The Arabs made minor reconstructions in the fortress and used it for a long time. A monument to these events are numerous Arabic inscriptions preserved on the walls of Krak des Chevaliers, which mention the name of Sultan Baibars. One of these inscriptions is placed above the entrance to the castle and recalls “the renovation of this blessed fortress under Sultan Baybars in 1271.”

The narrow road running at the foot of the walls, winding, leads to the main gate of the castle. Previously, the approach to the gates was protected by a drawbridge. Now a convenient stone staircase leads to the fortress.
Surrounded by a double ring of fortress walls, the castle is practically impregnable: it is protected from the east, north and west by steep cliffs. The outer defensive line is reinforced with thirteen powerful towers; The walls, like the towers, are well preserved. The outer and inner walls are separated by a wide ditch. carved into the mainland slope. It was filled with water coming from the slopes of the hill through an aqueduct.

The excellent quality of the masonry of the fortress walls and towers, made of large, carefully hewn and fitted rectangular slabs, is surprising. Such masonry, according to researchers, is typical specifically for the structures of the Crusaders dating back to the 13th century. whereas for buildings of the 12th century. so-called rusticated masonry was used.
Behind the inner wall, on an area of ​​about 3 hectares, there are various premises - residential buildings, barracks, grain barns, a mill, a bakery, an oil mill, and stables. The center of the castle is the courtyard, around which the main buildings are located. Initially, the courtyard was framed by long vaulted halls, which were used as warehouses and household buildings. Only one such hall has survived, having a length of 120 m and a width of 8 m. At its southern end there is a huge round oven - probably there was a kitchen here. Drinking water for the garrison came from a mountain spring through a specially laid aqueduct.

One of the earliest structures of Krak des Chevaliers is the Castle Chapel. It was apparently erected in the first half of the 12th century. The dimensions of the chapel are 21.5x8.5 m. It is illuminated only by one wide window, cut through the thickness of the powerful fortress walls. The extremely simple decoration of the chapel goes surprisingly well with the harsh fortress architecture. However, the chapel itself served for defense purposes: in one of its parts there was a narrow passage along the wall with embrasures - from here archers could defend the approaches to the gates of the Upper Castle.
The Early Gothic Great Hall, where the Knights of St. John gathered for advice and shared meals, is well preserved. Its dimensions are 27x7.5 m. There is a large window in the end wall, framed with personalized openwork carvings in the form of flowers and leaves.
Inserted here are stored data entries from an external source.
Lemma first_passage_split_catalan m k :
  first_passage (m.*2 + k).+1 k.+1 =
  \sum_(a < m.+1) catalan a * first_passage ((m - a).*2 + k) k.
Proof.
pose F b := first_passage b 1 * first_passage ((m.*2 + k).+1 - b) k.
rewrite first_passage_split (@sum_ord_cut m.+1.*2 _ F); first last.
- move=> b /andP[le_mb lt_b].
  by rewrite /F (@first_passage_small _ k) ?muln0 //; lia.
- lia.
rewrite (sum_even_odd _ F); apply: eq_bigr => a _.
have odd_a2S : odd (a.*2 + 1) by rewrite addn1 /= odd_double.
rewrite /F (first_passage_odd odd_a2S) mul0n add0n -catalan_first_passage.
congr (_ * first_passage _ _); have := ltn_ord a; lia.
Qed.

(* A bit sequence [m] encodes a composition: the i-th bit says whether the i-th
   vertex of a path ends a part.  [c] vertices are already in the current part,
   and a part left open at the end makes the weight 0. *)
Fixpoint comp_weight (c : nat) (m : bitseq) : nat :=
  match m with
  | [::] => c == 0
  | true :: m' => catalan c * comp_weight 0 m'
  | false :: m' => comp_weight c.+1 m'
  end.

Fixpoint bitseqs (n : nat) : seq bitseq :=
  if n is n'.+1 then map (cons false) (bitseqs n') ++ map (cons true) (bitseqs n')
  else [:: [::]].

Definition comp_sum (n k c : nat) : nat :=
  \sum_(m <- bitseqs n | count id m == k) comp_weight c m.

Lemma comp_sumS n k c : comp_sum n.+1 k c =
  comp_sum n k c.+1 + (if k is k'.+1 then catalan c * comp_sum n k' 0 else 0).
Proof.
rewrite /comp_sum /= big_cat !big_map /=; congr (_ + _).
by case: k => [|k]; [rewrite big1 | rewrite big_distrr].
Qed.

Lemma comp_sum_small n k c : n < k -> comp_sum n k c = 0.
Proof.
elim: n k c => [|n IH] [|k] c //= lt_nk.
  by rewrite /comp_sum big_cons big_nil.
by rewrite comp_sumS !IH ?muln0 //; lia.
Qed.

Lemma comp_sum0 n c : comp_sum n 0 c = (n == 0) && (c == 0).
Proof.
elim: n c => [|n IH] c; first by rewrite /comp_sum big_cons big_nil; case: c.
by rewrite comp_sumS IH addn0 andbF.
Qed.

Lemma comp_sum_split n k c :
  comp_sum n k.+1 c = \sum_(a < n) catalan (c + a) * comp_sum (n - a.+1) k 0.
Proof.
elim: n c => [|n IH] c; first by rewrite comp_sum_small // big_ord0.
rewrite comp_sumS IH big_ord_recl addn0 subSS subn0 addnC; congr (_ + _).
by apply: eq_bigr => a _; rewrite addSnnS.
Qed.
The commandant's rooms were located in the southwestern tower of the castle. The Grand Master of the Order of St. John stayed here during his visits to the castle. This tower is the highest point of the castle. You can climb a narrow staircase to the upper platform, which offers a beautiful view of the fortress and its surroundings. In good weather, the Mediterranean Sea can be seen from here to the west. In the distance, the ruins of Qalaat al-Beida (“White Castle Tower”), another Crusader fortress on the road from Tartus to Krak des Chevaliers, loom clearly. The knights built their castles in such a way that at least one more was visible from one fortress. Thus, in a relatively short time it was possible to transmit light signals and messages over long distances - for example, about an approaching enemy army.
Since 1927, restoration work has been carried out in Krak des Chevaliers, as a result of which the original appearance of the fortress was largely restored. The consensus among experts is that this castle is the best preserved and most impressive example of medieval defensive architecture in the Middle East.